[Listed entries — start]

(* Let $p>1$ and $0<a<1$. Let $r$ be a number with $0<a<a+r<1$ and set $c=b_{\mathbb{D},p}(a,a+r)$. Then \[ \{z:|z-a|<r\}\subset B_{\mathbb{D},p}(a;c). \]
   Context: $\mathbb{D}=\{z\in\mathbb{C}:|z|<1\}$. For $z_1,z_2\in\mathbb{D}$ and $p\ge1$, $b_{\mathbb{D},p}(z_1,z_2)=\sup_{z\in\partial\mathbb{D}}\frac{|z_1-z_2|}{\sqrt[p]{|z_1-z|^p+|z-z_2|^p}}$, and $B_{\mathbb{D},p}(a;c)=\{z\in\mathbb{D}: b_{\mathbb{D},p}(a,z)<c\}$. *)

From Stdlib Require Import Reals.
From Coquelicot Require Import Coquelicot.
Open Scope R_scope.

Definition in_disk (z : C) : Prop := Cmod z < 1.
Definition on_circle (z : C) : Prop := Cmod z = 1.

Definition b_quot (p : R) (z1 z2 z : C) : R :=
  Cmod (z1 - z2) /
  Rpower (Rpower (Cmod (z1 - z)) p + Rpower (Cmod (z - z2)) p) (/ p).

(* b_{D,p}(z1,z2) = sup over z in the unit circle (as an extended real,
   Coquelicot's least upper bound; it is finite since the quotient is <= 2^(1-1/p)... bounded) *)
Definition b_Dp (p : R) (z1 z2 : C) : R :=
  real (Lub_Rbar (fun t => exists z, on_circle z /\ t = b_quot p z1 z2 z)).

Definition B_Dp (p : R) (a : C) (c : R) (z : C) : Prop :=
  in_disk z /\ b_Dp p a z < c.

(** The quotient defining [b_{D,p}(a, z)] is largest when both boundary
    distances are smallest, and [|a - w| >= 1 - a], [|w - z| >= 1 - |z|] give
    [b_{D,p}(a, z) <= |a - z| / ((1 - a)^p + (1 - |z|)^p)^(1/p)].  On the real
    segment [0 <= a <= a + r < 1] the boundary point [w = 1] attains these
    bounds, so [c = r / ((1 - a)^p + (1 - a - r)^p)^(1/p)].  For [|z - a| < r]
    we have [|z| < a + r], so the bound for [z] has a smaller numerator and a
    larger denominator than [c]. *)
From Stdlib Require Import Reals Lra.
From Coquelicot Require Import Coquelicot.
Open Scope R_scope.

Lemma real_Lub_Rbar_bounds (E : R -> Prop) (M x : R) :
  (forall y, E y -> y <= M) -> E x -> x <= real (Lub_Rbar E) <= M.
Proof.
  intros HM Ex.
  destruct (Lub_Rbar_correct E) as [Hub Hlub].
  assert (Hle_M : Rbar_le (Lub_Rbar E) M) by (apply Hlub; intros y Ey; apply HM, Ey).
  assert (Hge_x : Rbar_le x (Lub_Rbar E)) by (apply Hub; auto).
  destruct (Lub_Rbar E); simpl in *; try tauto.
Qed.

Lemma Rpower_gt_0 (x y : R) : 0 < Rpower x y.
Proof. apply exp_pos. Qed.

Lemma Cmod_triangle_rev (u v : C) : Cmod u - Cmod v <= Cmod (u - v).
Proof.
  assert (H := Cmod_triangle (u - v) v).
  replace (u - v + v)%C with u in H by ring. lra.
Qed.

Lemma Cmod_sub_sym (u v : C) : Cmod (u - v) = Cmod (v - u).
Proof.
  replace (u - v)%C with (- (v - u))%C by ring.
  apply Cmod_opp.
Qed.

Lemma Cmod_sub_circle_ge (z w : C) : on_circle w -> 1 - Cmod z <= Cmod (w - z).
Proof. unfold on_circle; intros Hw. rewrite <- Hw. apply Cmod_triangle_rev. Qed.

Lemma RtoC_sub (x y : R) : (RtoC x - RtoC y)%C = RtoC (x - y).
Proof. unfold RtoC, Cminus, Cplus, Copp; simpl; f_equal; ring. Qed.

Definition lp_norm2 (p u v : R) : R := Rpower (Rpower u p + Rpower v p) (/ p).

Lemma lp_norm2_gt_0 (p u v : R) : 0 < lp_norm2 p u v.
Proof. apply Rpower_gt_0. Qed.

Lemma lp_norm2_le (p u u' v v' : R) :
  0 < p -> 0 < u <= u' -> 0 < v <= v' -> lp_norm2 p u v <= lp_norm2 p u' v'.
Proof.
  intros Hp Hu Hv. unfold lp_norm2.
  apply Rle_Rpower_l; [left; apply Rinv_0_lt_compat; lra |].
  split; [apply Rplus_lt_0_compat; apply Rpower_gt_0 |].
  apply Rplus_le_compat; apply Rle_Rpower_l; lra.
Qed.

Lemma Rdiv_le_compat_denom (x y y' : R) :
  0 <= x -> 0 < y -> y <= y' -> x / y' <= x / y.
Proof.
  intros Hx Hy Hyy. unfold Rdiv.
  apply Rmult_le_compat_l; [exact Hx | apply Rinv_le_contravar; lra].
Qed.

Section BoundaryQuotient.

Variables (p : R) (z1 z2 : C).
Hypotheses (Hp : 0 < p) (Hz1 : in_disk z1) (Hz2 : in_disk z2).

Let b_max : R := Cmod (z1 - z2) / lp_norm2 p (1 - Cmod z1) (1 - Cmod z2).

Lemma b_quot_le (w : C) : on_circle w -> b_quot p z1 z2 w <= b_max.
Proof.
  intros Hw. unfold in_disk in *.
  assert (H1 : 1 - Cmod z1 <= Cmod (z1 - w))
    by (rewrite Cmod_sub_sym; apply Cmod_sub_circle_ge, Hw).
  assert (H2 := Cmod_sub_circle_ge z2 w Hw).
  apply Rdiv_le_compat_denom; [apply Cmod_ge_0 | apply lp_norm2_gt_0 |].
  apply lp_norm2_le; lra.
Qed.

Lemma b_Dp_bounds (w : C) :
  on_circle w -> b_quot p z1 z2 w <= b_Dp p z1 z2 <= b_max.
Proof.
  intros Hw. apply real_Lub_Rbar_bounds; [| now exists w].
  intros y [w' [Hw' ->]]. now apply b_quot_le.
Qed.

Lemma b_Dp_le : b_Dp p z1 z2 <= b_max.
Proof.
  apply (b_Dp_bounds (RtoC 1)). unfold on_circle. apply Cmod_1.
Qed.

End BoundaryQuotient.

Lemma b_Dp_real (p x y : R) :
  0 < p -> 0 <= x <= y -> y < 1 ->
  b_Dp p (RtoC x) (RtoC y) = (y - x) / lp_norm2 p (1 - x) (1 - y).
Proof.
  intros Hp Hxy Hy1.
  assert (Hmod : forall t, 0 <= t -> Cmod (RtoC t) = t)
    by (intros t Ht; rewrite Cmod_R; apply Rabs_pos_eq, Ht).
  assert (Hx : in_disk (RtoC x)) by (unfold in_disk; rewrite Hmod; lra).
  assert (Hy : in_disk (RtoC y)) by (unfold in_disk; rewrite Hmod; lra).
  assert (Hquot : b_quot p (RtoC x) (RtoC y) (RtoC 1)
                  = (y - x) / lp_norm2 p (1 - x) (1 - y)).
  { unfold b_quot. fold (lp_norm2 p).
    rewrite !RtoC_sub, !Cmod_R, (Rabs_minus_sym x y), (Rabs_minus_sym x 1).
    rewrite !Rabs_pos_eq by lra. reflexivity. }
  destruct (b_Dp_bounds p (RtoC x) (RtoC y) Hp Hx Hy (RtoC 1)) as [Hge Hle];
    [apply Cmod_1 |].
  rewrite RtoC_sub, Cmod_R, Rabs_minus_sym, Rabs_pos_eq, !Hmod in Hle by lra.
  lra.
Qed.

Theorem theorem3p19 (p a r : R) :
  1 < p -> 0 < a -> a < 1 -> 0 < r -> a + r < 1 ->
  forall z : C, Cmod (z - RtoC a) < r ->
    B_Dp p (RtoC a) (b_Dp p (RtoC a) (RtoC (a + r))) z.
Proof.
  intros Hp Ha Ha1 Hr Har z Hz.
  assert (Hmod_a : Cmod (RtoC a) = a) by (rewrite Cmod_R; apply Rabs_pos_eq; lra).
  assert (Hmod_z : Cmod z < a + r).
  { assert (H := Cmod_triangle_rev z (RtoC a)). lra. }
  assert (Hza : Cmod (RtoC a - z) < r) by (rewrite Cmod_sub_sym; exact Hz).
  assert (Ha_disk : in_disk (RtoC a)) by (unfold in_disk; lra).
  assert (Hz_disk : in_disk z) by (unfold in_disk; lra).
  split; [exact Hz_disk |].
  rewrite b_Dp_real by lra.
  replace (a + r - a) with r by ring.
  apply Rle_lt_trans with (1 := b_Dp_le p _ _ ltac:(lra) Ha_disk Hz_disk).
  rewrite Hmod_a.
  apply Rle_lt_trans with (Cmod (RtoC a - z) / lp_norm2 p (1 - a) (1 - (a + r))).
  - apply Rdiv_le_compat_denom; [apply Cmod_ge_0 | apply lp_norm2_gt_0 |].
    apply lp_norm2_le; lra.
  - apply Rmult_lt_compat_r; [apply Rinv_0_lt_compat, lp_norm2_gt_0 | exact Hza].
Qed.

[Listed entries — finish]

## Task description
In the entries above, one line contains "Proof. unfold on_circle;" and another contains "intros Hp Hu Hv. unfold lp_norm2.". Reproduce exactly those two lines and the lines between them, nothing else.

## Final answer
Proof. unfold on_circle; intros Hw. rewrite <- Hw. apply Cmod_triangle_rev. Qed.

Lemma RtoC_sub (x y : R) : (RtoC x - RtoC y)%C = RtoC (x - y).
Proof. unfold RtoC, Cminus, Cplus, Copp; simpl; f_equal; ring. Qed.

Definition lp_norm2 (p u v : R) : R := Rpower (Rpower u p + Rpower v p) (/ p).

Lemma lp_norm2_gt_0 (p u v : R) : 0 < lp_norm2 p u v.
Proof. apply Rpower_gt_0. Qed.

Lemma lp_norm2_le (p u u' v v' : R) :
  0 < p -> 0 < u <= u' -> 0 < v <= v' -> lp_norm2 p u v <= lp_norm2 p u' v'.
Proof.
  intros Hp Hu Hv. unfold lp_norm2.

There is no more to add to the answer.